# M3 vs F150 SVT in 1/4 mile run



## ChrisTO (Jan 24, 2002)

can u believe it..these two are actually very close in the 1/4 mile run.

http://www.car-stats.com

2001 Ford F-150 Lightning 13.8sec
2002 BMW M3 - 13.2sec


----------



## Nick325xiT 5spd (Dec 24, 2001)

Yes.  Considering what sort of engine the F150 has....


----------



## JPinTO (Dec 20, 2001)

The critical question is: Which is more likely to blow up doing it??


----------



## M3Inline6 (Oct 7, 2002)

The F150 is impressive for a performance truck. To my knowledge, it's the only truck that comes off the lot w/ that kind of performance. Nothing that Dodge or Chevy has can compete with the Lightning stock vs stock. Except maybe an old school Typhoon or something, but I think that's still a 14 sec truck. Any stats?


----------



## BMW330CIM3 (Aug 26, 2002)

at the track they run low 14's, havent seen them run 13's. By the way 13.2 and 13.8 are not really that close, thats a big difference.


----------



## DINANISR3 (Aug 16, 2002)

and the truck will never be able to handle as good as the BMW can..:thumbup: on the track or on a mountain road.. i think it will be significantly slower...


----------



## Mystikal (Dec 20, 2001)

Hey guys, do you remember this video?

F-150 Lightning vs. E46 M3: http://media.racingflix.com/videos/drag_racing/Lightning_vs_02M3.WMV

Interesting outcome.


----------



## M3Inline6 (Oct 7, 2002)

Good run on video, though I'd be willing to be that either the Lightning wasn't stock, or the M3 driver couldn't drive. But nevertheless...good run!


----------



## Mystikal (Dec 20, 2001)

M3Inline6 said:


> *Good run on video, though I'd be willing to be that either the Lightning wasn't stock, or the M3 driver couldn't drive. But nevertheless...good run! *


Yeah, with the S/C on the Lightning, more boost is a very cheap and easy mod. Still incredible for a 2-tonne truck, though. :thumbup:


----------



## Impulss (Sep 5, 2002)

That video don't show the times?!! :dunno: :dunno: 

My friend ran his 2001 M3 and got 13.8 with DSC turned on!
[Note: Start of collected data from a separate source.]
(* For a finite set $F\subseteq\mathbb N$ let $\mathbf x_F$ be the $0$-$1$ sequence with $\mathbf x_F(n)=1$ iff $n\in F$, and let $\mathbb L=\langle\mathbf x_F: F\in\mathbb N^{<\omega}\rangle$. The map $\Phi:\mathcal R\to\mathbb Z^{\mathbb L}$, $\Phi(S)=\langle S(\mathbf x_F):F\in\mathbb N^{<\omega}\rangle$, is a surjective ring homomorphism which maps $\mathcal R^+$ into $\mathbb N^{\mathbb L}$, and its kernel is the ideal $\mathfrak I_1$, which consists exactly of the series $S\in\mathcal R$ whose associated squarefree series $S'$ is $0$.
   Context: Let $\mathbb N=\{0,1,2,\dots\}$ and $\mathbb N^{<\omega}$ the set of finite subsets of $\mathbb N$. Indeterminates $t_0,t_1,\dots$; $\mathbf A$ is the set of eventually zero sequences $\mathbf a=(a_0,a_1,\dots)$ of non-negative integers; $t^{\mathbf a}=\prod_it_i^{a_i}$. $\mathcal R$ is the ring of formal series $S=\sum_{\mathbf a}n_{\mathbf a}t^{\mathbf a}$ ($n_{\mathbf a}\in\mathbb Z$) for which there are $d_n\in\mathbb N$ with $n_{\mathbf a}=0$ whenever $a_n>d_n$ for some $n$, and $b\in\mathbb N$ with $|n_{\mathbf a}|\le b(\sum_ia_i)!/\prod_ia_i!$ for all $\mathbf a$. $\mathcal R^+$ is the set of nonzero series in $\mathcal R$ with all coefficients non-negative. For a sequence $\mathbf x$ of reals, $S(\mathbf x)$ denotes the value of $S$ when $x_n$ is assigned to $t_n$. For $\mathbf a$ let $supp(\mathbf a)=\{n:a_n\ne0\}$ and $t_F=\prod_{n\in F}t_n$ for $F\in\mathbb N^{<\omega}$. The associated squarefree series of $S=\sum n_{\mathbf a}t^{\mathbf a}$ is $S'=\sum_{F\in\mathbb N^{<\omega}}\big(\sum_{supp(\mathbf a)=F}n_{\mathbf a}\big)t_F$. $\mathfrak I_1$ is the ideal of $\mathcal R$ generated by $\{S-S':S\in\mathcal R^+\}$. *)

From mathcomp Require Import all_boot all_algebra.
From mathcomp Require Import finmap multiset.
From mathcomp Require Import boolp classical_sets fsbigop.
Set Implicit Arguments. Unset Strict Implicit. Unset Printing Implicit Defensive.
Import GRing.Theory Num.Theory.
Local Open Scope ring_scope.
(* The fibred product {(h,x) | s h = rho_X x} underlying H^(1) x_H X. *)
Definition fibprod : set (garr H * X) := [set p | gs p.1 = anchor a p.2].

Definition bal_map (p : garr H * X) : X := actf a p.1 p.2.

(* The relation (y.h, x) ~ (y, h.x) defining the balanced product. *)
Definition bal_rel (p q : garr H * X) : Prop :=
  exists h, [/\ gs q.1 = gr h, gs h = anchor a p.2,
               p.1 = gmul q.1 h & q.2 = actf a h p.2].

Definition bal_act (g : garr G) (p : garr H * X) : garr H * X :=
  (actf (amact alpha) g p.1, p.2).

(* The G-action on X transported along H^(1) x_H X ~= X, [h,x] |-> h.x,
   whose inverse is x |-> [1_{rho x}, x]:
     anchor x = varrho(1_{rho_X x}),   g.x = (g.1_{rho_X x}).x          *)
Definition ind_anchor (x : X) : gobj G :=
  anchor (amact alpha) (gunit (anchor a x)).
Definition ind_act (g : garr G) (x : X) : X :=
  actf a (actf (amact alpha) g (gunit (anchor a x))) x.

End Induced.

(** An algebraic morphism alpha : G ~> H lets an arrow g of G act on a point
    x of an H-space X through the arrow alpha(g, 1_{rho x}) of H.  This is
    the action g.[h,x] = [g.h,x] transported along [h,x] |-> h.x, which is
    a quotient map because x |-> (1_{rho x}, x) is a continuous section.
    Conversely, a functor F preserving underlying spaces makes H^(1), with
    left translation, a G-space; this is alpha.  As the projection
    H^(1) x Y -> H^(1) and the maps t |-> (t.1, y) are H-equivariant, F acts
    on H^(1) x Y through alpha on the first factor only.  The fibred product
    {(h,x) | s h = rho x} is an H-subspace of H^(1) x X on which
    [h,x] |-> h.x is equivariant, so F X is the action transported from
    alpha; for X = H^(1) this says that alpha commutes with right
    translation. *)
From HB Require Import structures.
From mathcomp Require Import all_boot all_classical.
From mathcomp Require Import topology.
Local Open Scope classical_set_scope.

Section Continuity.
Context {T U V : topologicalType}.

Lemma fst_continuous : continuous (@fst T U).
Proof. by move=> x; exact: cvg_fst. Qed.

Lemma snd_continuous : continuous (@snd T U).
Proof. by move=> x; exact: cvg_snd. Qed.

Lemma comp_continuous [f : T -> U] [g : U -> V] :
  continuous f -> continuous g -> continuous (g \o f).
Proof. by move=> cf cg x; apply: continuous_comp; [exact: cf | exact: cg]. Qed.

Lemma pair_continuous [f : T -> U] [g : T -> V] :
  continuous f -> continuous g -> continuous (fun x => (f x, g x)).
Proof. by move=> cf cg x; apply: cvg_pair; [exact: cf | exact: cg]. Qed.

Lemma within_continuous_pair [A : set T] [f : T -> U] [g : T -> V] :
  {within A, continuous f} -> {within A, continuous g} ->
  {within A, continuous (fun x => (f x, g x))}.
Proof. by move=> cf cg x; apply: cvg_pair; [exact: cf | exact: cg]. Qed.
From Pilot Require Import Defs.
From HB Require Import structures.
From mathcomp Require Import all_boot all_order all_algebra.
From mathcomp Require Import all_classical all_reals all_analysis.
From mathcomp Require Import ring.
Set Implicit Arguments. Unset Strict Implicit. Unset Printing Implicit Defensive.
Import Order.TTheory GRing.Theory Num.Theory.
Local Open Scope classical_set_scope.
Local Open Scope ring_scope.
Notation In := List.In.

(* (i) is a mere identity: the time-[a i] map of the [n]-th compositions system
   is [f_0^(n * a i)], so both entropies are computed from the same joins.
   (ii) For a fixed cover [U], write [P m] and [Q m] for the minimal subcover
   sizes of the joins along [a] and along its [k]-fold shift.  Dropping the
   first [k] preimage covers gives [Q m <= P (m + k) <= |U|^k Q m], and
   [P m <= |U|^m]; hence [log P (m + k)] and [log Q m] differ by at most
   [k log |U|], and after dividing by [m] the index shift costs only [O(1/m)],
   so both exponential growth rates coincide. *)

Section Covers.
Variable T : Type.
Implicit Types (U V W s : seq (set T)) (l : seq (seq (set T))).

Definition covers U := forall x, exists A, In A U /\ A x.

Lemma In_allpairs_setI U V C :
  In C [seq A `&` B | A <- U, B <- V] <-> exists A B, [/\ In A U, In B V & C = A `&` B].
Proof.
elim: U => [|A0 U IH] /=; first by split => // -[A [B []]].
rewrite List.in_app_iff List.in_map_iff IH; split.
  by case=> [[B [<- HB]]|[A [B [HA HB ->]]]]; [exists A0, B | exists A, B]; split; tauto.
case=> A [B [[<-|HA] HB ->]]; first by left; exists B.
by right; exists A, B.
Qed.

Lemma In_join_cat l1 l2 C :
  In C (join (l1 ++ l2)) <-> exists A B, [/\ In A (join l1), In B (join l2) & C = A `&` B].
Proof.
elim: l1 C => [|U l1 IH] C /=.
  split; first by move=> HC; exists setT, C; split; rewrite ?setTI; tauto.
  by case=> A [B [[<-|[]] HB ->]]; rewrite setTI.
rewrite In_allpairs_setI; split.
  case=> A0 [D [HA0 /IH [B1 [B2 [HB1 HB2 ->]]] ->]].
  exists (A0 `&` B1), B2; split; rewrite ?setIA //.
  by apply/In_allpairs_setI; exists A0, B1.
case=> A [B [/In_allpairs_setI [A0 [B1 [HA0 HB1 ->]]] HB ->]].
exists A0, (B1 `&` B); split; rewrite ?setIA //.
by apply/IH; exists B1, B.
Qed.

Lemma covers_join l : (forall U, In U l -> covers U) -> covers (join l).
Proof.
elim: l => [|U l IH] cl x /=; first by exists setT; split; [left|].
have [A [HA Ax]] := cl U (or_introl erefl) x.
have [B [HB Bx]] := IH (fun V HV => cl V (or_intror HV)) x.
by exists (A `&` B); split => //; apply/In_allpairs_setI; exists A, B.
Qed.

Lemma size_join_le l D : (forall U, In U l -> size U <= D)%N ->
  (size (join l) <= D ^ size l)%N.
Proof.
elim: l => [|U l IH] Hl /=; first by rewrite expn0.
rewrite size_allpairs expnS leq_mul ?(Hl U (or_introl erefl)) //.
exact: IH (fun V HV => Hl V (or_intror HV)).
Qed.

Lemma Ncov_subcover U : covers U ->
  exists s, [/\ size s = Ncov U, (forall A, In A s -> In A U) & covers s].
Proof.
move=> cU; rewrite /Ncov; case: pselect => [ex|]; last first.
  by case; exists (size U); apply/asboolP; exists U.
by case: ex_minnP => n /asboolP [s [? [? ?]]] _; exists s.
Qed.

Lemma Ncov_min U n : has_subcover_of_size U n -> (Ncov U <= n)%N.
Proof.
move=> Un; rewrite /Ncov; case: pselect => [ex|]; last first.
  by case; exists n; apply/asboolP.
by case: ex_minnP => m _; apply; apply/asboolP.
Qed.

Lemma Ncov_le_size U : covers U -> (Ncov U <= size U)%N.
Proof. by move=> cU; apply: Ncov_min; exists U. Qed.

Lemma Ncov_join_cat_le l1 l2 : covers (join l1) -> covers (join l2) ->
  (Ncov (join (l1 ++ l2)) <= size (join l1) * Ncov (join l2))%N.
Proof.
move=> c1 c2; have [s [<- sl2 cs]] := Ncov_subcover c2.
rewrite -(size_allpairs setI); apply: Ncov_min.
eexists; split; first reflexivity; split.
  move=> C /In_allpairs_setI [A [B [HA HB ->]]].
  by apply/In_join_cat; exists A, B; split => //; apply: sl2.
move=> x; have [A [HA Ax]] := c1 x; have [B [HB Bx]] := cs x.
by exists (A `&` B); split => //; apply/In_allpairs_setI; exists A, B.
Qed.

Lemma refine_subcover V s : (forall C, In C s -> exists B, In B V /\ C `<=` B) ->
  exists s', [/\ size s' = size s, (forall B, In B s' -> In B V) &
    forall C x, In C s -> C x -> exists B, In B s' /\ B x].
Proof.
elim: s => [|C s IH] Hs; first by exists [::]; split => // C x [].
have [B [HB CB]] := Hs C (or_introl erefl).
have [s' [ss' s'V s'C]] := IH (fun D HD => Hs D (or_intror HD)).
exists (B :: s'); split; first by rewrite /= ss'.
  by move=> B' [<-|]; [|apply: s'V].
move=> D x [<- Dx|HD Dx]; first by exists B; split; [left|apply: CB].
by have [B' [? ?]] := s'C D x HD Dx; exists B'; split; [right|].
Qed.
But watching that video brings up a question. For the 1/4 mile where you try to match the exact time you write down...... wouldn't SMG transmission win that competition every time???

:dunno:


----------



## M3Inline6 (Oct 7, 2002)

People put too much emphasis on the machine. A manual M3 would beat the SMG M3 w/ equally capable drivers (though only slightly)!! It's all about the driver! Though I consider the SMG transmission impressive, I still think it takes the fun out of acquiring true *skill* if the transmission software does all the work for you.


----------



## D///Mill (Apr 2, 2002)

*Lightnings will make you work! ...*

I drag race quite often (not in my "///M coupe") and I've never seen a new Lightning run slower than 14-flat. Most run high-13's, but I saw a brand new one go 13.50's bone stock with only 700 miles on the engine (still had the paper temporary license plate). The motors are VERY conservatively rated at 385hp ... ditto for the new s/c'd Mustang Cobra rated at 390hp. (I saw one a new Cobra pull 115 mph(!) at 12.79 easing it off the line, just last week ... again, all stock.) So much for acceleration ...

As far as handling, there was a new Lightning at Laguna Seca last April when I ran my S52 Coupe. The only mod was better brake pads/rotors (understandable) and he was turning 1:57 laps, and that's with my 200 lb. brother riding with him doing the timing! That's damn impressive for a 2-ton+ truck, huh? (BTW ... my best was a 1:50.6)

So, watch out you new M3 owners. You're gonna hafta work a bit to stay ahead of those Lightnings. And ... IF they're modded at all ... you'll be lookin' at their tail lights! FYI


----------